→ Work instruction
Word for word, transcribe the data below from the line with "have: p * (t" to the line with "End Chernoff.", keeping both of those lines.
START Data under study
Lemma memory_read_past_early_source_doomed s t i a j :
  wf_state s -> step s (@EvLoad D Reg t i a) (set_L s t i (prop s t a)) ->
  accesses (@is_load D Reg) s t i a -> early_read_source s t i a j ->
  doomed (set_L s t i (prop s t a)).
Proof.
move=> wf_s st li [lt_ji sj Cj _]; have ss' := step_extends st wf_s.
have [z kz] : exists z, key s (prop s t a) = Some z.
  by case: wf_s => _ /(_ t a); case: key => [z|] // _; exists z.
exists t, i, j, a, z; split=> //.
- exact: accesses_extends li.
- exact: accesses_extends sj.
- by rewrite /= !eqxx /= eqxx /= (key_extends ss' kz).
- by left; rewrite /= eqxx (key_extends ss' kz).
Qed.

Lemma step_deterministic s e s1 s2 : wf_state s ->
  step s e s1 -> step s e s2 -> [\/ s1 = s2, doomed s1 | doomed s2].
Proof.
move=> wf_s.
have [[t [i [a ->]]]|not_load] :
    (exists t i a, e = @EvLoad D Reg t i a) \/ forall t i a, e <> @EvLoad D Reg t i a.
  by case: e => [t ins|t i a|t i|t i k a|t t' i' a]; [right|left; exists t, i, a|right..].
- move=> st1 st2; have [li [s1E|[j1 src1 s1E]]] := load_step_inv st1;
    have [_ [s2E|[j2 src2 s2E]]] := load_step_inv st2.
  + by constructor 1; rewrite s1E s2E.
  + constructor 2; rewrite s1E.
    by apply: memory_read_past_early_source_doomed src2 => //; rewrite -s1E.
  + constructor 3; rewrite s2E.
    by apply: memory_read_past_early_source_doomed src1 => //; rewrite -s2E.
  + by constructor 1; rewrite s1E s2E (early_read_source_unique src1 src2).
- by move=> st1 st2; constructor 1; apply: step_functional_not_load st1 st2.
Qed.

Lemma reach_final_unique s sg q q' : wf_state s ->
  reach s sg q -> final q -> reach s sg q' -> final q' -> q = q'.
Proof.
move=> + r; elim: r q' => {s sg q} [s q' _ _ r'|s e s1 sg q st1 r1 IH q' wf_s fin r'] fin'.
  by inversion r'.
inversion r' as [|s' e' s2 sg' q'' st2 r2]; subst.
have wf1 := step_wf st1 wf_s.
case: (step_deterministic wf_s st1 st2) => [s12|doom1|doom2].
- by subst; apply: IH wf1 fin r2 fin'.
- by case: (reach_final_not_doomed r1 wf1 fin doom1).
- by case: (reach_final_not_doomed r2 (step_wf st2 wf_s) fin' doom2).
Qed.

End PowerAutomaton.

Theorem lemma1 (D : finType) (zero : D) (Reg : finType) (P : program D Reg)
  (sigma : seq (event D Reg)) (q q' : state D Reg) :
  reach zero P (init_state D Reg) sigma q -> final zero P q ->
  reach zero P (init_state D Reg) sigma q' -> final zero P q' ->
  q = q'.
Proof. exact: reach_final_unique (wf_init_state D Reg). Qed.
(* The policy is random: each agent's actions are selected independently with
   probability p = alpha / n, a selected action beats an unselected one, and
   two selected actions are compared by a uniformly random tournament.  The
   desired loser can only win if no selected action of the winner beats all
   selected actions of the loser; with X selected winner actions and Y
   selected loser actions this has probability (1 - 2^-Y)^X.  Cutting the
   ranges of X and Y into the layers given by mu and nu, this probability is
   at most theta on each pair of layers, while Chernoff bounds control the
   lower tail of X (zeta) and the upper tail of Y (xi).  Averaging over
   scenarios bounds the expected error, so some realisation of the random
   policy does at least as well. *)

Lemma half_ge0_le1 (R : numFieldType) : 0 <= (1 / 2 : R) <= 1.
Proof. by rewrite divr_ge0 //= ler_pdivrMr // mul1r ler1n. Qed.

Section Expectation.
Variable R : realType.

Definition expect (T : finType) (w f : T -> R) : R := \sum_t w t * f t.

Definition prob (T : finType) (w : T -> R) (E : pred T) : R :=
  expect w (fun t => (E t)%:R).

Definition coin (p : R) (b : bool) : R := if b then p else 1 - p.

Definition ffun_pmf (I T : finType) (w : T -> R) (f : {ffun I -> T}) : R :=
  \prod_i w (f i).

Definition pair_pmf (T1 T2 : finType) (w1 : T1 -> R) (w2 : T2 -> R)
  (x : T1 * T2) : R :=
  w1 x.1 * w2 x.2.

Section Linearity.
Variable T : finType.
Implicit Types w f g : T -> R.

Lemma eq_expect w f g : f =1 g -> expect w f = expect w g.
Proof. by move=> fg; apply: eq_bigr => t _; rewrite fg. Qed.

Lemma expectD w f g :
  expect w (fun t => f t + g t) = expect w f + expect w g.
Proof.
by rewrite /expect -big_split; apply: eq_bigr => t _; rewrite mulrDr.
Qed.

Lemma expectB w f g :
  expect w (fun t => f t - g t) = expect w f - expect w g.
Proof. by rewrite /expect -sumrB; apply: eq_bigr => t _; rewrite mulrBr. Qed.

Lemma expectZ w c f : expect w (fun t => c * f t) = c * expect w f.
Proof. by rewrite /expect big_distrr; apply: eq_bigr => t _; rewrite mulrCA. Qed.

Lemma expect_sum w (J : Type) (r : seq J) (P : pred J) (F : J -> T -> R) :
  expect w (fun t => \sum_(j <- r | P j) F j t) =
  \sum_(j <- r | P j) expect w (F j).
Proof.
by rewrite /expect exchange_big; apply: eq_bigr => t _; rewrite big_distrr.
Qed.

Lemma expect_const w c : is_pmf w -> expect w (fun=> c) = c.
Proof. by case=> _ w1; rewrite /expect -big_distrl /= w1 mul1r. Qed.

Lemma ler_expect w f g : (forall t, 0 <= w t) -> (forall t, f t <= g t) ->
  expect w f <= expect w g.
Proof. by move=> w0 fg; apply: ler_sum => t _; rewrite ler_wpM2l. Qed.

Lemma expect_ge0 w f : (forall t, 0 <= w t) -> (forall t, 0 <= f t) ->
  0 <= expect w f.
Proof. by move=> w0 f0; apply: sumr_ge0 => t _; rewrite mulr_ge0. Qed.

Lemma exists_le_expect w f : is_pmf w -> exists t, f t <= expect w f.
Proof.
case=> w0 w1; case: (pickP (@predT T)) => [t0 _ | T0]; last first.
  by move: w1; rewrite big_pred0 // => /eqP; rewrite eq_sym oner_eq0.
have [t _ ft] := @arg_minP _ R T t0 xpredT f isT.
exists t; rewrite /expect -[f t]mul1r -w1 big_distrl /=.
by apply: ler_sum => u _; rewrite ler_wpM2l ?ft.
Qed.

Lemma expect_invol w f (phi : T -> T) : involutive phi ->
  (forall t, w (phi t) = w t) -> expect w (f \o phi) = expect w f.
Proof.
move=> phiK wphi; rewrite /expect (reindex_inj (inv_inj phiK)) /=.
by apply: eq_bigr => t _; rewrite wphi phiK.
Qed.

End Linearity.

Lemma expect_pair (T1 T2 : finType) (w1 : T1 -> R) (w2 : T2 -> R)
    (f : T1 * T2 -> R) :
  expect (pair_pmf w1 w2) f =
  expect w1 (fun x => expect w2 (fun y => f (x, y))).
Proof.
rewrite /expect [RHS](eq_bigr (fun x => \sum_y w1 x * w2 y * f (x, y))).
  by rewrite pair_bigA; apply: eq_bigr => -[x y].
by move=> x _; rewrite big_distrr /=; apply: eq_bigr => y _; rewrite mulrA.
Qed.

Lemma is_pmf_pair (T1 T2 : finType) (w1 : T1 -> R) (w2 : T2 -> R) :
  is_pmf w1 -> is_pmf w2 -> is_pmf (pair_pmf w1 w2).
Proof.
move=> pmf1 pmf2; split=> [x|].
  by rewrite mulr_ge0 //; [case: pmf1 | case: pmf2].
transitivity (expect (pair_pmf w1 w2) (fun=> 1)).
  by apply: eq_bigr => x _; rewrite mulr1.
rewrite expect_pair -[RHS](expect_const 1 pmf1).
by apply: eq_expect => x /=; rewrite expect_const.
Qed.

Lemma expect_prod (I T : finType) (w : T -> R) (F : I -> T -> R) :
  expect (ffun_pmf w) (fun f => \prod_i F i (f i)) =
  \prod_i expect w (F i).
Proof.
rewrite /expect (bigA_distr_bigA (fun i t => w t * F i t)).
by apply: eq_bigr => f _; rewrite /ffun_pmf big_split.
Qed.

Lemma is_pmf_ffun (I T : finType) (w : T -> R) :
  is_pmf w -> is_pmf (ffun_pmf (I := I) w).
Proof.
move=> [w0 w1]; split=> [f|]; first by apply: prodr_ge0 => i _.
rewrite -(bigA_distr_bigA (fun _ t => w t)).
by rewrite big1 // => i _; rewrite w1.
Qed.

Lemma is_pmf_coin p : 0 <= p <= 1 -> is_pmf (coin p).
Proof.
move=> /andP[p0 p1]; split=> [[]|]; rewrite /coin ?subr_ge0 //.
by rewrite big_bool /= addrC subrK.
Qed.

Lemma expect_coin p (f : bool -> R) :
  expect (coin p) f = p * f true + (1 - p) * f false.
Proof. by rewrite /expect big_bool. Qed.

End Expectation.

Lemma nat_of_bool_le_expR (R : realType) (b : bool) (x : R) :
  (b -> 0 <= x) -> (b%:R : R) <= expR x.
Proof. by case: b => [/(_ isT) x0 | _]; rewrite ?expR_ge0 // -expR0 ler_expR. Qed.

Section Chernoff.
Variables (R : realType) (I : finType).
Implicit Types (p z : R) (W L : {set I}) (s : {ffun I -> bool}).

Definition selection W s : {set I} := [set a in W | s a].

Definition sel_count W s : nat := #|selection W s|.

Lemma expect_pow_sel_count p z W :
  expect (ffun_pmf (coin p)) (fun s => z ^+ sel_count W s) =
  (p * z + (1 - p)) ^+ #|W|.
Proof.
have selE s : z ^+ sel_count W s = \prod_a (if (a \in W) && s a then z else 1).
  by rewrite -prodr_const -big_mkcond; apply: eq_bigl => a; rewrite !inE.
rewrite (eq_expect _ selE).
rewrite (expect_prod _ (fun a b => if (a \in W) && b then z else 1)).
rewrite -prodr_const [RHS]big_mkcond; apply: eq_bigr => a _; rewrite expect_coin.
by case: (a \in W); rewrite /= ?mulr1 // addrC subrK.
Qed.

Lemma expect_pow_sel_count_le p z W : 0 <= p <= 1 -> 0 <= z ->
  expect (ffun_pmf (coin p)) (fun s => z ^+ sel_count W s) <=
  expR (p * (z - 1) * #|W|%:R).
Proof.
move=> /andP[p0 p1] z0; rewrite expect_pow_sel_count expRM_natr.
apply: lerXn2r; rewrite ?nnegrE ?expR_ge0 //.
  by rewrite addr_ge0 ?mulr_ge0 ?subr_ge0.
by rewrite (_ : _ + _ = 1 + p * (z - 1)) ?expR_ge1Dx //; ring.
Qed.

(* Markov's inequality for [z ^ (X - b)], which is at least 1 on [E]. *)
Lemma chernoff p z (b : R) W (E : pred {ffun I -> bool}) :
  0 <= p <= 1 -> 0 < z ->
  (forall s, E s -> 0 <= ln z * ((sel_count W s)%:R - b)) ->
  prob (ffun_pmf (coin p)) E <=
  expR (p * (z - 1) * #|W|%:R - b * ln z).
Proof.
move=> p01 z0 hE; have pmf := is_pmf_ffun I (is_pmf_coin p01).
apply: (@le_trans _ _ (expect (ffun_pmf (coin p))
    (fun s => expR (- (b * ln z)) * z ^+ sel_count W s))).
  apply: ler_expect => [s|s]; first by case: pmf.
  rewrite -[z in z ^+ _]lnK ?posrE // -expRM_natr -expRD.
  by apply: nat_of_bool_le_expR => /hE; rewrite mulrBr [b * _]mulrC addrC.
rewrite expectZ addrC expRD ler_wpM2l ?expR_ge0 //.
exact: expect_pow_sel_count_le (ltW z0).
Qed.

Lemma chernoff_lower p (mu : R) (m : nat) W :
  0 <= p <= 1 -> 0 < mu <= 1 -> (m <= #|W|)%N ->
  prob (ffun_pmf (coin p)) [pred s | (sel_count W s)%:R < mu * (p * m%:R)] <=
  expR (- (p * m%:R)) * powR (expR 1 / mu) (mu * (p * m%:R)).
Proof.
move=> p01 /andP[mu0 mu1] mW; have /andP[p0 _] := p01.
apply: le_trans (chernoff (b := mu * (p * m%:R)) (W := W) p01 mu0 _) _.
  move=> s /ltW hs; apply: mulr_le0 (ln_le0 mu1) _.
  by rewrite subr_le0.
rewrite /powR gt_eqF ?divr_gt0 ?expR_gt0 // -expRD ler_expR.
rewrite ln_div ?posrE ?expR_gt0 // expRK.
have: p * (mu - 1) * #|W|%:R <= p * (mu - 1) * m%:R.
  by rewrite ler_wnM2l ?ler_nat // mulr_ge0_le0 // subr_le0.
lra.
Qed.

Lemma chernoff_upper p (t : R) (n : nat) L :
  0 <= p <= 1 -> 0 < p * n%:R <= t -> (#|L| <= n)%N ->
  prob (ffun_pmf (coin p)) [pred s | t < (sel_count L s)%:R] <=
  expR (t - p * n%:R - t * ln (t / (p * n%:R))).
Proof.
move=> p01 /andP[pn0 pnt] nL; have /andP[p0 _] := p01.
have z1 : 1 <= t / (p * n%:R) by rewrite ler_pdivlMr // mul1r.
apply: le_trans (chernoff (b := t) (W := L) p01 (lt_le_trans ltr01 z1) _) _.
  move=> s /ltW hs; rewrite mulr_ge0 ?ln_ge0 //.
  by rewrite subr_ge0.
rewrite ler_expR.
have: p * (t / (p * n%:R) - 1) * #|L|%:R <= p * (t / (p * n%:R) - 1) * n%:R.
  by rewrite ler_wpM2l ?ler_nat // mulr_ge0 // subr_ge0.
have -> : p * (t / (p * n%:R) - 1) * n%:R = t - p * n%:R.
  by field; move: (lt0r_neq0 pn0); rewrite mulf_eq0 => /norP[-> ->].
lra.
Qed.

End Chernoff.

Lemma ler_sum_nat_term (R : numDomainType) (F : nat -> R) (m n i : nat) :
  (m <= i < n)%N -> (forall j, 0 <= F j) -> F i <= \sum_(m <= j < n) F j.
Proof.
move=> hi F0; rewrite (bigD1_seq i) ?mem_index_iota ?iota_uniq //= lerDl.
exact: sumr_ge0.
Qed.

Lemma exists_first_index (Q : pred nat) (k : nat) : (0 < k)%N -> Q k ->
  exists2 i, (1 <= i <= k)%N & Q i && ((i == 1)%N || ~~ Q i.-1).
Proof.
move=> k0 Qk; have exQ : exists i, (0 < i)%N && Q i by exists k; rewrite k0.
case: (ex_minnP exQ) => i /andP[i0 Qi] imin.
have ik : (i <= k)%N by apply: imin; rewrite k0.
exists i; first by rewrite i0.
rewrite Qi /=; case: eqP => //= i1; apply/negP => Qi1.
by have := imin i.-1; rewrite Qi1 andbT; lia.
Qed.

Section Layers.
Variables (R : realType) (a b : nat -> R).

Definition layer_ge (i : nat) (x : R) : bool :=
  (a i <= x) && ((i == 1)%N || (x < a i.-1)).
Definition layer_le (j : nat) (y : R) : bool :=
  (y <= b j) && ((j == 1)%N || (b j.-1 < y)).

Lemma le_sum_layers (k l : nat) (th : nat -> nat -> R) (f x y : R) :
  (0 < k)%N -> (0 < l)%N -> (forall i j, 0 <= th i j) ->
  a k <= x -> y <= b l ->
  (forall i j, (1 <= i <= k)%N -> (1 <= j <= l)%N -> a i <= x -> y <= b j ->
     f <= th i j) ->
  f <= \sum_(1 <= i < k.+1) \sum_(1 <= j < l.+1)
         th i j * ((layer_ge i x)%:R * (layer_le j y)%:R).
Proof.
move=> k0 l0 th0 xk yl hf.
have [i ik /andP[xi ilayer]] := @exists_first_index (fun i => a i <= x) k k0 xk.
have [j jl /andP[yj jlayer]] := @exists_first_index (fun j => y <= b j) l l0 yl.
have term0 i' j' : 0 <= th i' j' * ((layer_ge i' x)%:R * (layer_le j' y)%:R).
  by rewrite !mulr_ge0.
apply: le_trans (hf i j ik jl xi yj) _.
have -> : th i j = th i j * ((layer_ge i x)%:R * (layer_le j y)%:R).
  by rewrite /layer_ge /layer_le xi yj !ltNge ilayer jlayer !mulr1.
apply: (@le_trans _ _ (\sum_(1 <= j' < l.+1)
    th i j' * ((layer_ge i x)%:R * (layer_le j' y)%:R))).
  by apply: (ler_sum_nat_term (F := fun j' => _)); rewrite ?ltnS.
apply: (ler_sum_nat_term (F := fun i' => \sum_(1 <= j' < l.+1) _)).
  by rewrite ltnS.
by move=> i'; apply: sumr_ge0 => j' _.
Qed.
END Data under study
→ Answer for the task
have: p * (t / (p * n%:R) - 1) * #|L|%:R <= p * (t / (p * n%:R) - 1) * n%:R.
  by rewrite ler_wpM2l ?ler_nat // mulr_ge0 // subr_ge0.
have -> : p * (t / (p * n%:R) - 1) * n%:R = t - p * n%:R.
  by field; move: (lt0r_neq0 pn0); rewrite mulf_eq0 => /norP[-> ->].
lra.
Qed.

End Chernoff.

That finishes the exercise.